* _WORK TO BE COMPLETED_:
The entries that follow include a run beginning at the line with "Definition optnat_eqb (o" and ending at the line with "existsb (fun k"; restate that run word for word and leave the rest out.

* _INPUT_:
(* Let $\theta$ be a labelled tree (as defined below) such that $\Psi_{n_\ell}(\omega\cdot\nu_\ell)\neq0$ for every line $\ell$ of $\theta$ with $n_\ell\ge0$, and let $T$ be a self-energy cluster of $\theta$ on scale $n\ge0$ which is renormalised, i.e. no subgraph of $T$ is a self-energy cluster of $\theta$. Then for every $0\le p\le n$, $$\mathfrak{N}_p(T)\le 2^{-(m_p-2)}K(T),$$ where $\mathfrak{N}_p(T)$ is the number of lines of $T$ with scale $\ge p$ and $K(T):=\sum_{v\in N(T)}|\nu_v|$, $N(T)$ being the set of nodes of $T$.
   Context: Notation: $\omega\in\mathbb{R}^d$ satisfies the Bryuno condition; $\alpha_m(\omega):=\inf_{0<|\nu|\le2^m}|\omega\cdot\nu|$ with $|\nu|$ the $\ell^1$ norm; $m_0=0$, $m_{n+1}=m_n+p_n+1$ with $p_n:=\max\{q\ge0:\alpha_{m_n}(\omega)<2\alpha_{m_n+q}(\omega)\}$. $\chi$ is an even $C^\infty$ function, non-increasing in $|x|$, equal to $1$ for $|x|\le1/2$ and $0$ for $|x|\ge1$; $\chi_{-1}\equiv1$, $\chi_n(x)=\chi(4x/\alpha_{m_n}(\omega))$, $\psi_n=1-\chi_n$ ($n\ge0$), $\Psi_n=\chi_{n-1}\psi_n$ ($n\ge0$); thus $\Psi_n(x)\neq0$ implies $\alpha_{m_n}(\omega)/8<|x|<\alpha_{m_{n-1}}(\omega)/4$ (with $\alpha_{m_{-1}}:=+\infty$). Trees: a tree $\theta$ is a finite rooted tree whose root has exactly one incident line (the root line); all other vertices are nodes; lines are oriented toward the root, and each line $\ell=\ell_v$ is identified with the node $v$ it leaves. Write $w\preceq v$ if $v$ lies on the path from $w$ to the root. Each node $v$ carries a mode $\nu_v\in\mathbb{Z}^d$; each line $\ell_v$ carries the momentum $\nu_{\ell_v}=\sum_{w\preceq v}\nu_w$, required to be nonzero for all lines except possibly the root line; each line carries a scale $n_\ell$, with $n_\ell=-1$ if $\nu_\ell=0$ and $n_\ell\in\{0,1,2,\dots\}$ otherwise. A cluster on scale $n$ is a maximal connected subgraph (set of nodes together with the lines of $\theta$ joining them) all of whose lines have scale $\le n$ and at least one line of which has scale $n$; a line enters (exits) a subgraph $T$ if it connects a node outside $T$ to a node in $T$ (a node in $T$ to a node outside). A self-energy cluster is either a cluster with exactly one entering line $\ell'$ and one exiting line $\ell$ satisfying $\nu_\ell=\nu_{\ell'}$, or (scale $-1$) a single node $v$ with $\nu_v=0$ having exactly one entering line. *)

From Stdlib Require Import Reals ZArith Arith List Bool.
Import ListNotations.
Open Scope R_scope.

(* A vector of Z^d is represented by a function nat -> Z of which only the
   components 0..d-1 are meaningful; all notions below only look at those. *)
Definition vec := nat -> Z.

Definition Zsum (l : list nat) (f : nat -> Z) : Z :=
  fold_right (fun i acc => (f i + acc)%Z) 0%Z l.
Definition Rsum (l : list nat) (f : nat -> R) : R :=
  fold_right (fun i acc => f i + acc) 0 l.

Definition dot (d : nat) (omega : nat -> R) (nu : vec) : R :=
  Rsum (seq 0 d) (fun i => omega i * IZR (nu i)).
Definition norm1 (d : nat) (nu : vec) : Z :=
  Zsum (seq 0 d) (fun i => Z.abs (nu i)).
Definition vnonzero (d : nat) (nu : vec) : Prop :=
  exists i, (i < d)%nat /\ nu i <> 0%Z.
Definition vzero (d : nat) (nu : vec) : Prop :=
  forall i, (i < d)%nat -> nu i = 0%Z.
Definition veq (d : nat) (nu mu : vec) : Prop :=
  forall i, (i < d)%nat -> nu i = mu i.

(* ---------- alpha_m(omega) = inf_{0<|nu|<=2^m} |omega.nu| ---------- *)
(* The set of such nu is finite; we enumerate the box [-2^m,2^m]^d. *)
Definition Zrange (B : Z) : list Z :=
  map (fun k => (Z.of_nat k - B)%Z) (seq 0 (Z.to_nat (2 * B + 1))).
Fixpoint boxlists (d : nat) (B : Z) : list (list Z) :=
  match d with
  | O => [[]]
  | S d' => flat_map (fun z => map (cons z) (boxlists d' B)) (Zrange B)
  end.
Definition vec_of_list (l : list Z) : vec := fun i => nth i l 0%Z.
Definition nonzerob (d : nat) (nu : vec) : bool :=
  existsb (fun i => negb (Z.eqb (nu i) 0)) (seq 0 d).
Definition alpha_candidates (d m : nat) : list vec :=
  filter (fun nu => nonzerob d nu && Z.leb (norm1 d nu) (2 ^ Z.of_nat m))
         (map vec_of_list (boxlists d (2 ^ Z.of_nat m))).
Definition Rmin_list (l : list R) : R :=
  match l with [] => 0 | x :: xs => fold_right Rmin x xs end.
Definition alpha (d : nat) (omega : nat -> R) (m : nat) : R :=
  Rmin_list (map (fun nu => Rabs (dot d omega nu)) (alpha_candidates d m)).

Definition bryuno (d : nat) (omega : nat -> R) : Prop :=
  (forall m, 0 < alpha d omega m) /\
  exists l, Un_cv (fun M => sum_f_R0 (fun k => ln (/ alpha d omega k) / 2 ^ k) M) l.

Definition is_pn (d : nat) (omega : nat -> R) (mn q : nat) : Prop :=
  alpha d omega mn < 2 * alpha d omega (mn + q) /\
  forall q', alpha d omega mn < 2 * alpha d omega (mn + q') -> (q' <= q)%nat.
Definition is_mseq (d : nat) (omega : nat -> R) (m : nat -> nat) : Prop :=
  m O = O /\
  forall n, exists q, is_pn d omega (m n) q /\ m (S n) = (m n + q + 1)%nat.

Definition smooth (f : R -> R) : Prop :=
  exists D : nat -> R -> R, D O = f /\
    forall k x, derivable_pt_lim (D k) x (D (S k) x).
Definition cutoff (chi : R -> R) : Prop :=
  smooth chi /\
  (forall x, chi (- x) = chi x) /\
  (forall x y, Rabs x <= Rabs y -> chi y <= chi x) /\
  (forall x, Rabs x <= 1 / 2 -> chi x = 1) /\
  (forall x, 1 <= Rabs x -> chi x = 0).
Definition chi_n (chi : R -> R) d omega (m : nat -> nat) (n : nat) (x : R) : R :=
  chi (4 * x / alpha d omega (m n)).
(* Psi_n = chi_{n-1} psi_n, psi_n = 1 - chi_n, chi_{-1} = 1 *)
Definition Psi (chi : R -> R) d omega (m : nat -> nat) (n : nat) (x : R) : R :=
  (match n with O => 1 | S k => chi_n chi d omega m k x end) *
  (1 - chi_n chi d omega m n x).

(* Nodes are 0..N-1; par v = Some w: the line l_v leaving v enters w;
   par v = None: l_v is the root line (enters the root). *)
Definition step (par : nat -> option nat) (o : option nat) : option nat :=
  match o with None => None | Some x => par x end.
Fixpoint iter_par (par : nat -> option nat) (k : nat) (o : option nat) : option nat :=
  match k with O => o | S k' => iter_par par k' (step par o) end.

Record is_tree (N : nat) (par : nat -> option nat) : Prop := {
  par_range : forall v w, (v < N)%nat -> par v = Some w -> (w < N)%nat;
  root_unique : exists r, (r < N)%nat /\ par r = None /\
                  forall v, (v < N)%nat -> par v = None -> v = r;
  acyclic : forall v, (v < N)%nat -> exists k, iter_par par k (Some v) = None }.

Definition optnat_eqb (o : option nat) (v : nat) : bool :=
  match o with Some x => Nat.eqb x v | None => false end.
(* w ⪯ v : v lies on the path from w to the root (paths in a tree with
   N nodes have length < N) *)
Definition preceq (N : nat) (par : nat -> option nat) (w v : nat) : bool :=
  existsb (fun k => optnat_eqb (iter_par par k (Some w)) v) (seq 0 (S N)).
Definition momentum (N : nat) (par : nat -> option nat) (nu : nat -> vec) (v : nat) : vec :=
  fun i => Zsum (filter (fun w => preceq N par w v) (seq 0 N)) (fun w => nu w i).

(* labelled tree: modes nu, scales (scale v = n_{l_v}, -1 encoded as -1) *)
Definition labelled_tree (d N : nat) (par : nat -> option nat) (nu : nat -> vec)
    (scale : nat -> Z) : Prop :=
  is_tree N par /\
  (forall v, (v < N)%nat -> par v <> None -> vnonzero d (momentum N par nu v)) /\
  (forall v, (v < N)%nat ->
     (vzero d (momentum N par nu v) -> scale v = (-1)%Z) /\
     (vnonzero d (momentum N par nu v) -> (0 <= scale v)%Z)).

(* A subgraph is a set T of nodes with the lines of theta joining them. *)
Definition in_nodes (N : nat) (T : nat -> bool) : Prop :=
  forall v, T v = true -> (v < N)%nat.
Definition internalb (par : nat -> option nat) (T : nat -> bool) (v : nat) : bool :=
  T v && match par v with Some w => T w | None => false end.

Inductive conn (par : nat -> option nat) (T : nat -> bool) : nat -> nat -> Prop :=
  | conn_refl v : T v = true -> conn par T v v
  | conn_up u v w : conn par T u v -> internalb par T v = true -> par v = Some w ->
      conn par T u w
  | conn_down u v w : conn par T u w -> internalb par T v = true -> par v = Some w ->
      conn par T u v.
Definition connected (par : nat -> option nat) (T : nat -> bool) : Prop :=
  forall u v, T u = true -> T v = true -> conn par T u v.
Definition lines_le (par : nat -> option nat) (scale : nat -> Z) (T : nat -> bool) (n : Z) : Prop :=
  forall v, internalb par T v = true -> (scale v <= n)%Z.

Definition cluster (N : nat) (par : nat -> option nat) (scale : nat -> Z)
    (T : nat -> bool) (n : Z) : Prop :=
  in_nodes N T /\ connected par T /\ lines_le par scale T n /\
  (exists v, internalb par T v = true /\ scale v = n) /\
  (forall T', in_nodes N T' -> (forall v, T v = true -> T' v = true) ->
     connected par T' -> lines_le par scale T' n ->
     forall v, T' v = true -> T v = true).

Definition entering (N : nat) (par : nat -> option nat) (T : nat -> bool) (w : nat) : Prop :=
  (w < N)%nat /\ T w = false /\ exists v, par w = Some v /\ T v = true.
Definition exiting (N : nat) (par : nat -> option nat) (T : nat -> bool) (v : nat) : Prop :=
  (v < N)%nat /\ T v = true /\ (par v = None \/ exists w, par v = Some w /\ T w = false).

Definition se_cluster_on_scale (d N : nat) (par : nat -> option nat) (nu : nat -> vec)
    (scale : nat -> Z) (T : nat -> bool) (n : Z) : Prop :=
  cluster N par scale T n /\
  exists l', entering N par T l' /\ (forall x, entering N par T x -> x = l') /\
  exists l, exiting N par T l /\ (forall x, exiting N par T x -> x = l) /\
  veq d (momentum N par nu l) (momentum N par nu l').

(* scale -1 self-energy cluster: a single node v with nu_v = 0 and
   exactly one entering line *)
Definition se_cluster_trivial (d N : nat) (par : nat -> option nat) (nu : nat -> vec)
    (T : nat -> bool) : Prop :=
  exists v, (v < N)%nat /\ (forall x, T x = true <-> x = v) /\ vzero d (nu v) /\
  exists w, entering N par T w /\ forall x, entering N par T x -> x = w.

Definition se_cluster (d N : nat) (par : nat -> option nat) (nu : nat -> vec)
    (scale : nat -> Z) (T : nat -> bool) : Prop :=
  (exists n, se_cluster_on_scale d N par nu scale T n) \/
  se_cluster_trivial d N par nu T.

Definition renormalised (d N : nat) (par : nat -> option nat) (nu : nat -> vec)
    (scale : nat -> Z) (T : nat -> bool) : Prop :=
  forall S, se_cluster d N par nu scale S ->
    (forall v, S v = true -> T v = true) ->
    forall v, T v = true -> S v = true.

Definition Nlines_ge (N : nat) (par : nat -> option nat) (scale : nat -> Z)
    (T : nat -> bool) (p : nat) : nat :=
  length (filter (fun v => internalb par T v && Z.leb (Z.of_nat p) (scale v)) (seq 0 N)).
Definition Kval (d N : nat) (nu : nat -> vec) (T : nat -> bool) : Z :=
  Zsum (filter T (seq 0 N)) (fun v => norm1 d (nu v)).

(* The proof is a Siegel-type counting argument.  Call the lines of T of scale
   >= p "heavy", and call the tops of T the heavy lines together with the
   exiting line of T.  Cutting T along its heavy lines splits it into
   components, one below each top (the nodes whose upward walk first meets a
   line of the top); there are N_p(T) + 1 of them.  The in-degree of a
   component is the number of heavy lines and entering lines of T that enter
   it, so the in-degrees sum up to the number of components.  A component of
   in-degree at most one satisfies 2 K(C) >= 2^{m_p}: its top line has
   momentum equal to the sum of its modes, plus the momentum of its entering
   line if any; this sum is nonzero (otherwise the component would be a
   self-energy cluster strictly inside T, contradicting renormalisation), and
   the small-divisor bounds coming from the cut-offs Psi together with the
   definition of the sequence m_n force any nonzero vector of small divisor at
   scale p to have norm at least 2^{m_p}/2.  Summing 2^{m_p} <= 4 K(C) +
   2^{m_p} (indeg C - 1) over components gives 2^{m_p} (N_p(T) + 1) <= 4 K(T). *)
From Stdlib Require Import Reals ZArith Arith List Lia Lra Classical Bool FinFun.
Import ListNotations.
Open Scope nat_scope.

* _FINISHED EXERCISE_:
Definition optnat_eqb (o : option nat) (v : nat) : bool :=
  match o with Some x => Nat.eqb x v | None => false end.
(* w ⪯ v : v lies on the path from w to the root (paths in a tree with
   N nodes have length < N) *)
Definition preceq (N : nat) (par : nat -> option nat) (w v : nat) : bool :=
  existsb (fun k => optnat_eqb (iter_par par k (Some w)) v) (seq 0 (S N)).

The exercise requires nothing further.